ABOUT THIS TASK » Below are the records. Retype exactly the lines between the lines holding "move=> _ h_gt1 Ah c_x." and "have [[kap [kap_hom", inclusive.

(RECORDS FOR THE EXERCISE Opens)

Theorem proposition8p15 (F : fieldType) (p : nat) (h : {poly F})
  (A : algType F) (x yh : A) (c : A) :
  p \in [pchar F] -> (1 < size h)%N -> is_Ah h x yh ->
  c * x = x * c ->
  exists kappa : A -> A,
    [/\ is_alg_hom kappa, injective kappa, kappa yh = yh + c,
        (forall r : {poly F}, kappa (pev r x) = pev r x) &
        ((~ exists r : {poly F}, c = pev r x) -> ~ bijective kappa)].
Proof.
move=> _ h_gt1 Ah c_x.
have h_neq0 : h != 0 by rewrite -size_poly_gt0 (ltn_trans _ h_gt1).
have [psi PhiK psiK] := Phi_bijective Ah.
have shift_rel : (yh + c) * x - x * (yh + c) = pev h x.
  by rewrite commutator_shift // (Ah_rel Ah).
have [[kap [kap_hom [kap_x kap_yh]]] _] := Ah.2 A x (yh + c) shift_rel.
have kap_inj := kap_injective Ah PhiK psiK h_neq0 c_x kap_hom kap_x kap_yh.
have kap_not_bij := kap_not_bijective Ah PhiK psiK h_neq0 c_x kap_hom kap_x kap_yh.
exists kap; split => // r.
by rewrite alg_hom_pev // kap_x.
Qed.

(RECORDS FOR THE EXERCISE Closes)
(RECORDS FOR THE EXERCISE Opens)

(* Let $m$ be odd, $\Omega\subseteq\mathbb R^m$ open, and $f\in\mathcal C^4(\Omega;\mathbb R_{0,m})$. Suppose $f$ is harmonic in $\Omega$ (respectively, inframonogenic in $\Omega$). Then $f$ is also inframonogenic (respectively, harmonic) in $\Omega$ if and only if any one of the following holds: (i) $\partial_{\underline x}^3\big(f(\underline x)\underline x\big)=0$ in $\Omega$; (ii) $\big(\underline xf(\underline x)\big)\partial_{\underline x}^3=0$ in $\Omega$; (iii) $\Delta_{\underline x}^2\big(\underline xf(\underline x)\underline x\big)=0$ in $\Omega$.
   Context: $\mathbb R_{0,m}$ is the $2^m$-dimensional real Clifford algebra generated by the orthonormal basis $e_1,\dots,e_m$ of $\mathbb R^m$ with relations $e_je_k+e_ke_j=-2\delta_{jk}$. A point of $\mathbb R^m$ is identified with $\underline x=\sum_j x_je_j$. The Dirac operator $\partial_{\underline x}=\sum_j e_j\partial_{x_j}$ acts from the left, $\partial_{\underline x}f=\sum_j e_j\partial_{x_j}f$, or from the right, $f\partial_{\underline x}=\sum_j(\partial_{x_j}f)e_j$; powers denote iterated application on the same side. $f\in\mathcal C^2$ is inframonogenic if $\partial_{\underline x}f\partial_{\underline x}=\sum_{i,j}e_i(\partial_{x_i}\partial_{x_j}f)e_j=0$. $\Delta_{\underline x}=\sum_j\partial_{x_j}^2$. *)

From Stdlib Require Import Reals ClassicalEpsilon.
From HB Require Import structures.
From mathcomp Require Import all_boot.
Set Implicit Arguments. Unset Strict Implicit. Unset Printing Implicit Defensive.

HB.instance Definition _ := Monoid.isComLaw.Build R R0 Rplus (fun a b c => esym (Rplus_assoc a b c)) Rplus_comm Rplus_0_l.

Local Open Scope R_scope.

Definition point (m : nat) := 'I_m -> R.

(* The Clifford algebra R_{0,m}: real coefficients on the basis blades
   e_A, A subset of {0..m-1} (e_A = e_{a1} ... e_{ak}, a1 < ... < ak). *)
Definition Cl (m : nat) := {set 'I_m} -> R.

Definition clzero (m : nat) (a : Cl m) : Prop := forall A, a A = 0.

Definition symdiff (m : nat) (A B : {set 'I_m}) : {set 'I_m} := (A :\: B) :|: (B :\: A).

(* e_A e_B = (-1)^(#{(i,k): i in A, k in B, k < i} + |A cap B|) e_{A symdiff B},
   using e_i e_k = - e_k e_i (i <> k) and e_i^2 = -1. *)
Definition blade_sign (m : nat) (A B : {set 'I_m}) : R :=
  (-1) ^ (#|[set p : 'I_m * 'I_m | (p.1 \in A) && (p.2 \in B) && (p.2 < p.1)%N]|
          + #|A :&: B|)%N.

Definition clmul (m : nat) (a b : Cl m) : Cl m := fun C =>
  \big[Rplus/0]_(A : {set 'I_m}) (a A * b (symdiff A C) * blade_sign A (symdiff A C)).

(RECORDS FOR THE EXERCISE Closes)

EXERCISE RESPONSE »
move=> _ h_gt1 Ah c_x.
have h_neq0 : h != 0 by rewrite -size_poly_gt0 (ltn_trans _ h_gt1).
have [psi PhiK psiK] := Phi_bijective Ah.
have shift_rel : (yh + c) * x - x * (yh + c) = pev h x.
  by rewrite commutator_shift // (Ah_rel Ah).
have [[kap [kap_hom [kap_x kap_yh]]] _] := Ah.2 A x (yh + c) shift_rel.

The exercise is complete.